To get a full understanding of how cancer treatments impact you as compared to someone else, you have to understand the differences genetically between you and that person. Then you have to characterize the treatments for each person and each cancer. Did you go to x amount of chemo and y amount of radiation? What was the composition of the chemo therapy and how was it administered? How much radiation, and what was the angle and location compared to the location of the cancer? Of course age and gender will also likely have an impact. All of these issues — and likely more — must be described and then compared, so this information must be collected and stored.
Think about this: you need to collect the 1.5 GB for each person and likely extract out the genetic markers. Then you need to analyze the cancer and the treatment data.
According to The American Cancer Society, 12,549,000 people in the U.S. have cancer. So at 1.5 GB per person, that comes out to about 18.8 PB of data — and this does not include the genetics of the cancer.
Clearly, the researchers want to store only what they need. But as I have often said about big data problems, you do not know what you do not know about the data. In many cases, you need to store the raw data so you can learn new things at some future date. This happens all of the time in application area after application area, from genetics to seismic processing to climate analysis.
So let’s assume that someone is going to store all of this data somewhere. This, of course, takes a significant amount of storage space, plus, of course, the computational power to process the data and make the correlations about the best options given the type of cancer and your genetic markers and age, etc.
Cancer is major disease, but it is just one of many diseases that could have improved outcomes from patients based on this type of genetic analysis combined with treatment analysis.

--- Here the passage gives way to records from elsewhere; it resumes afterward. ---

Lemma ceil_divr_nat_ceil {R : archiRealFieldType} (a : R) (m : nat) : (0 < m)%N ->
  Num.ceil (a / m%:R) = Num.ceil (((Num.ceil a)%:~R : R) / m%:R).
Proof.
move=> m_gt0; have mR : 0 < m%:R :> R by rewrite ltr0n.
apply/le_anti/andP; split.
  by apply: le_ceil; rewrite ler_pM2r ?invr_gt0 // ceil_ge.
rewrite ceil_le_int ler_pdivrMr // mulrC.
set c := Num.ceil (a / m%:R).
have -> : m%:R * c%:~R = (m%:Z * c)%:~R :> R by rewrite intrM -pmulrn.
by rewrite ler_int ceil_le_int intrM -pmulrn -ler_pdivrMl // mulrC ceil_ge.
Qed.

Lemma eseries_geometric {R : realType} (a q : R) : 0 <= q < 1 ->
  (\sum_(m <oo) (a * q ^+ m)%:E = (a / (1 - q))%:E)%E.
Proof.
move=> /andP[q_ge0 q_lt1]; apply: cvg_lim => //.
apply: cvg_EFin; first by apply: nearW => n; rewrite /eseries /= sumEFin.
rewrite [X in X @ _ --> _](_ : _ = series (geometric a q)); last first.
  by apply/funext => n; rewrite /= /eseries /= sumEFin.
by apply: cvg_geometric_series; rewrite ger0_norm.
Qed.

Lemma eseries_geometric_pinfty {R : realType} (a q : R) : 0 < a -> 1 <= q ->
  (\sum_(m <oo) (a * q ^+ m)%:E = +oo)%E.
Proof.
move=> a_gt0 q_ge1; apply/eqyP => A _.
have [n lt_n] : exists n : nat, A / a < n%:R.
  by exists (Num.truncn (A / a)).+1; exact: truncnS_gt.
apply: le_trans (nneseries_lim_ge n _); last first.
  by move=> k _ _; rewrite lee_fin mulr_ge0 ?exprn_ge0 ?(ltW a_gt0) ?(le_trans ler01 q_ge1).
rewrite ltr_pdivrMr // in lt_n; rewrite sumEFin lee_fin (le_trans (ltW lt_n)) //.
rewrite mulr_natl -[n in a *+ n]subn0 -sumr_const_nat; apply: ler_sum => i _.
by rewrite ler_peMr ?(ltW a_gt0) // exprn_ege1.
Qed.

Fortunately, the cost of sequencing each of our genomes is dropping far beyond many people’s wildest expectations.
Everyone talks about a data explosion, but my feeling is that it is going to be bigger than anyone thinks. There are going to be many more new applications and new ideas than anyone has imagined up to this time.

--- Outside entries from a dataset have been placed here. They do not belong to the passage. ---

(* Let $G_1$ and $G_2$ be two vertex-disjoint 2-edge-colored graphs with Hamiltonian alternating cycles $C_1=x_0x_1\cdots x_{2n-1}x_0$ and $C_2=y_0y_1\cdots y_{2m-1}y_0$, respectively, and let $G\in G_1\oplus G_2$. Suppose there is no good pair in $G$ (between $C_1$ and $C_2$), and that for each $i\in\{1,2\}$ there is a vertex of $C_i$ which is non-singular with respect to $C_{3-i}$. Let $m_1=\min\{n,m\}$ and $M_2=\max\{n,m\}$. Then for each vertex $v\in V(G)$ and each even integer $\ell\in[4m_1,2M_2]$, there is an alternating cycle of length $\ell$ in $G$ passing through $v$.
   Context: All graphs are simple, with edges colored red or blue. An alternating cycle is a cycle in which consecutive edges have different colors; a Hamiltonian alternating cycle of a graph is an alternating cycle through all its vertices. For vertex-disjoint 2-edge-colored graphs $G_1,G_2$, the colored generalized sum $G_1\oplus G_2$ is the set of 2-edge-colored graphs $G$ with $V(G)=V(G_1)\cup V(G_2)$, $G\langle V(G_i)\rangle=G_i$ with the same coloring, and exactly one edge (of arbitrary fixed color) between each $u\in V(G_1)$ and $w\in V(G_2)$; these latter edges are the exterior edges. For $v$ on an alternating cycle $C$, $v^r$ (resp. $v^b$) is the neighbor of $v$ on $C$ with $vv^r$ red (resp. $vv^b$ blue). For an exterior edge $vw$ with $v\in V(C_1)$, $w\in V(C_2)$: if $vw$ is red, $vw,v^rw^r$ is a good pair if $v^rw^r$ is red; if $vw$ is blue, $vw,v^bw^b$ is a good pair if $v^bw^b$ is blue. A vertex $v\in V(C_i)$ is singular with respect to $C_{3-i}$ if all edges between $v$ and $V(C_{3-i})$ have the same color, and non-singular otherwise. For integers $a\le b$, $[a,b]=\{a,a+1,\dots,b\}$. *)

From mathcomp Require Import all_boot.
Set Implicit Arguments. Unset Strict Implicit. Unset Printing Implicit Defensive.

Section AltCycles.
Variable T : finType.

(* A simple graph on T: adjacency relation [adj] (assumed symmetric and
   irreflexive in the theorem); edge colours [col x y] with true = red,
   false = blue (only meaningful on edges). *)
Definition simple_graph (adj : rel T) : Prop :=
  (forall x y, adj x y = adj y x) /\ (forall x, ~~ adj x x).

Definition sym_coloring (adj : rel T) (col : T -> T -> bool) : Prop :=
  forall x y, adj x y -> col x y = col y x.

(* An alternating cycle, given as the cyclic sequence of its (distinct)
   vertices; [next s] is the cyclic successor in s (path.v). *)
Definition alt_cycle (adj : rel T) (col : T -> T -> bool) (s : seq T) : bool :=
  [&& uniq s, 2 < size s,
      all (fun v => adj v (next s v)) s &
      all (fun v => col v (next s v) != col (next s v) (next s (next s v))) s].

(* v^c : the neighbour of v on the cycle s joined to v by an edge of colour c
   (c = true gives v^r, c = false gives v^b). *)
Definition cnbr (col : T -> T -> bool) (s : seq T) (v : T) (c : bool) : T :=
  if col v (next s v) == c then next s v else prev s v.

(* There is a good pair between C1 and C2: an exterior edge vw of colour c
   such that v^c w^c also has colour c. *)
Definition has_good_pair (col : T -> T -> bool) (C1 C2 : seq T) : Prop :=
  exists v w, [/\ v \in C1, w \in C2 &
    col (cnbr col C1 v (col v w)) (cnbr col C2 w (col v w)) = col v w].

Definition non_singular (col : T -> T -> bool) (v : T) (C : seq T) : Prop :=
  exists w1 w2, [/\ w1 \in C, w2 \in C & col v w1 != col v w2].

End AltCycles.

From mathcomp Require Import all_boot zify.
From Stdlib Require Import Classical_Prop.
Set Implicit Arguments. Unset Strict Implicit. Unset Printing Implicit Defensive.

(* Index C1 and C2 periodically by X and Y so that the cycle edges X i X (i+1)
   and Y j Y (j+1) are red exactly for even i and j, and say that the exterior
   edge X i Y j agrees when it has the colour of X i X (i+1).  The absence of
   good pairs makes agreement propagate from (i, j+1) to (i+1, j) whenever i
   and j have the same parity; by periodicity this implication is an
   equivalence, so on index pairs of opposite parity agreement only depends on
   i + j modulo |C1|.  If it is not constant there, some odd s has agreement
   at sum s but not at s + 2, and then X a ... X (a+p) Y c ... Y (c+q) is an
   alternating cycle whenever a + p + c = s and q = p + 2 modulo |C1|; these
   parameters reach every even length from 6 to |C2| through any vertex.
   Reversing C2 swaps the two parity classes, so if agreement is constant on
   opposite-parity pairs for both orientations of C2, it only depends on the
   parities of i and j; then a non-singular vertex of C1 forces every vertex
   of C2 to be singular. *)

Lemma periodic_monotone_const (b : nat -> bool) P : 0 < P ->
  (forall k, b (k + P) = b k) -> (forall k, b k -> b k.+1) -> forall k, b k = b 0.
Proof.
move=> P_gt0 bP b_mono.
have b_up k d : b k -> b (k + d).
  by elim: d => [|d IHd]; rewrite ?addn0 ?addnS // => /IHd /b_mono.
elim=> // k IHk; rewrite -IHk; apply/idP/idP => [bk1|]; last exact: b_mono.
by rewrite -bP; move: (b_up _ P.-1 bk1); rewrite addSnnS prednK.
Qed.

The cancer example is just one of numerous examples that storage growth prognosticators have not planned for. For instance, another application that might be on the horizon would be tracking asteroids and other near earth objects given what happened in Russia in March.
I think that if the analysis part of the equation gets into high gear, we will all find that the amount of data collected and saved will be far more than what is currently projected. Then the problem becomes capacity. It is unclear that the various disk and tape drive vendors (that is all we have for high density today) have the capacity to fulfill the demand.

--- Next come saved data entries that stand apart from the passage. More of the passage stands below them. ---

Lemma gap_between D k p q y :
  intervals_disjoint (aL D k) (aH D k) (bL D k) (bH D k) ->
  aL D k <= p <= aH D k -> bL D k <= q <= bH D k ->
  under_lo D k <= y <= under_hi D k -> Rmin p q <= y <= Rmax p q.
Proof.
  intros Hdis Hp Hq. unfold under_lo, under_hi.
  destruct (Rlt_dec (aH D k) (bL D k)) as [Hlt | Hge].
  - unfold Rmin, Rmax; repeat destruct Rle_dec; intros; lra.
  - assert (bH D k < aL D k).
    { destruct (Rlt_or_le (bH D k) (aL D k)) as [h | h]; [exact h |].
      exfalso. apply Hdis. exists (Rmax (aL D k) (bL D k)).
      unfold Rmax; destruct Rle_dec; lra. }
    unfold Rmin, Rmax; repeat destruct Rle_dec; intros; lra.
Qed.

Definition enclosed (A B : R) (D : bounds) (k : nat) : Prop :=
  (aL D k <= cc k A <= aH D k) /\ (bL D k <= cc k B <= bH D k) /\
  forall t, A <= t <= B ->
    (cL D k <= dc k t <= cH D k) /\ (fL D k <= dfk k t <= fH D k) /\
    (dL D k <= dc k t / dfk k t <= dH D k) /\
    (hull_lo D k <= cc k t <= hull_hi D k).

Lemma enclosed_0 A B D : A <= B -> init_ok A B D -> enclosed A B D 0.
Proof.
  intros HAB (? & ? & ? & ? & ? & ? & ? & ? & ? & ?).
  unfold enclosed, hull_lo, hull_hi. simpl cc.
  repeat match goal with E : _ = _ |- _ => rewrite E; clear E end.
  rewrite Rmin_left, Rmax_right by lra.
  split; [lra | split; [lra |]]. intros t Ht.
  rewrite dc_0, dfk_0. unfold Rdiv; rewrite Rinv_1. lra.
Qed.

Lemma endpoints_step A B D k :
  definite_sign (hull_lo D k) (hull_hi D k) -> step_ok A B D k ->
  aL D k <= cc k A <= aH D k -> bL D k <= cc k B <= bH D k ->
  (aL D (S k) <= cc (S k) A <= aH D (S k)) /\ (bL D (S k) <= cc (S k) B <= bH D (S k)).
Proof.
  unfold definite_sign, hull_lo, hull_hi; intros Hs (Hneg & Hpos & _) Ha Hb. simpl cc.
  pose proof (Rmin_l (aL D k) (bL D k)); pose proof (Rmin_r (aL D k) (bL D k)).
  pose proof (Rmax_l (aH D k) (bH D k)); pose proof (Rmax_r (aH D k) (bH D k)).
  destruct (Rlt_dec (aH D k) 0) as [Hn | Hn].
  - destruct (Hneg Hn) as (? & ? & ? & ?).
    assert (bH D k < 0) by lra.
    pose proof (fpar_enclosure_neg A _ _ _ Hn Ha).
    pose proof (fpar_enclosure_neg B _ _ _ ltac:(eassumption) Hb).
    split; lra.
  - destruct (Hpos Hn) as (? & ? & ? & ?).
    assert (0 < aL D k /\ 0 < bL D k) as [HaL HbL] by lra.
    pose proof (fpar_enclosure_pos A _ _ _ HaL Ha).
    pose proof (fpar_enclosure_pos B _ _ _ HbL Hb).
    split; lra.
Qed.

Lemma derivatives_step A B D k t :
  step_ok A B D k -> definite_sign (fL D (S k)) (fH D (S k)) ->
  cL D k <= dc k t <= cH D k -> fL D k <= dfk k t <= fH D k ->
  dL D k <= dc k t / dfk k t <= dH D k ->
  hull_lo D k <= cc k t <= hull_hi D k ->
  (cL D (S k) <= dc (S k) t <= cH D (S k)) /\
  (fL D (S k) <= dfk (S k) t <= fH D (S k)) /\
  (dL D (S k) <= dc (S k) t / dfk (S k) t <= dH D (S k)).
Proof.
  intros (_ & _ & Hc1 & Hc2 & Hf1 & Hf2 & Hd) Hfs Hdc Hdf Hq Hh.
  destruct (Hd Hfs) as [Hd1 Hd2].
  pose proof (product_enclosure _ _ _ _ _ _ Hdc Hh) as Gc.
  pose proof (product_enclosure _ _ _ _ _ _ Hdf Hh) as Gf.
  rewrite dc_S, dfk_S.
  assert (HF : fL D (S k) <= -2 * cc k t * dfk k t <= fH D (S k)) by lra.
  pose proof (reciprocal_enclosure _ _ _ HF Hfs) as HI.
  assert (Hnz : -2 * cc k t * dfk k t <> 0)
    by (unfold definite_sign in Hfs; intro E; rewrite E in HF; lra).
  rewrite quotient_step by exact Hnz.
  repeat split; lra.
Qed.

Lemma enclosed_S A B D k :
  A <= B -> enclosed A B D k ->
  definite_sign (hull_lo D k) (hull_hi D k) -> step_ok A B D k ->
  definite_sign (cL D (S k)) (cH D (S k)) ->
  definite_sign (fL D (S k)) (fH D (S k)) -> enclosed A B D (S k).
Proof.
  intros HAB (Ha & Hb & Ht) Hs Hstep Hcs Hfs.
  destruct (endpoints_step A B D k Hs Hstep Ha Hb) as [Ha' Hb'].
  assert (Hder : forall t, A <= t <= B ->
    (cL D (S k) <= dc (S k) t <= cH D (S k)) /\
    (fL D (S k) <= dfk (S k) t <= fH D (S k)) /\
    (dL D (S k) <= dc (S k) t / dfk (S k) t <= dH D (S k))).
  { intros t Htt. destruct (Ht t Htt) as (? & ? & ? & ?).
    apply (derivatives_step A B); assumption. }
  split; [exact Ha' | split; [exact Hb' |]].
  intros t Htt. destruct (Hder t Htt) as (D1 & D2 & D3).
  repeat (split; [assumption |]).
  apply (between_in_hull _ _ _ _ (cc (S k) A) (cc (S k) B)); [exact Ha' | exact Hb' |].
  apply (between_endpoints (fun s => cc (S k) s) (dc (S k)) A B (cL D (S k)) (cH D (S k)));
    [exact HAB | | | exact Hcs | exact Htt].
  - intro s. apply Derive_correct, ex_derive_cc.
  - intros s Hs'. apply (Hder s Hs').
Qed.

I used the cancer example because cancer impacts almost everyone on the planet in one way or another. Though doctors and scientists have made good progress on some cancers with both early detection and treatment, there are still others that are difficult to detect and nearly impossible to treat. For example, everyone dreads to hear the words "pancreatic cancer."
We are on the brink of having the technology and methods to be able to detect and treat many diseases cost-effectively, but this is going to require large amounts of storage and processing power, along with new methods to analyze the data. Cancer research is just one of the many areas that is banking that it can benefit from big data analysis.
As more and more applications are found for big data analysis, the storage requirements and the computation requirements are going to grow. What will come first, the chicken or the egg? Will we run out of ideas, or will we run out of storage at a reasonable cost? Without the storage, the ideas will not come, as the costs will be too high.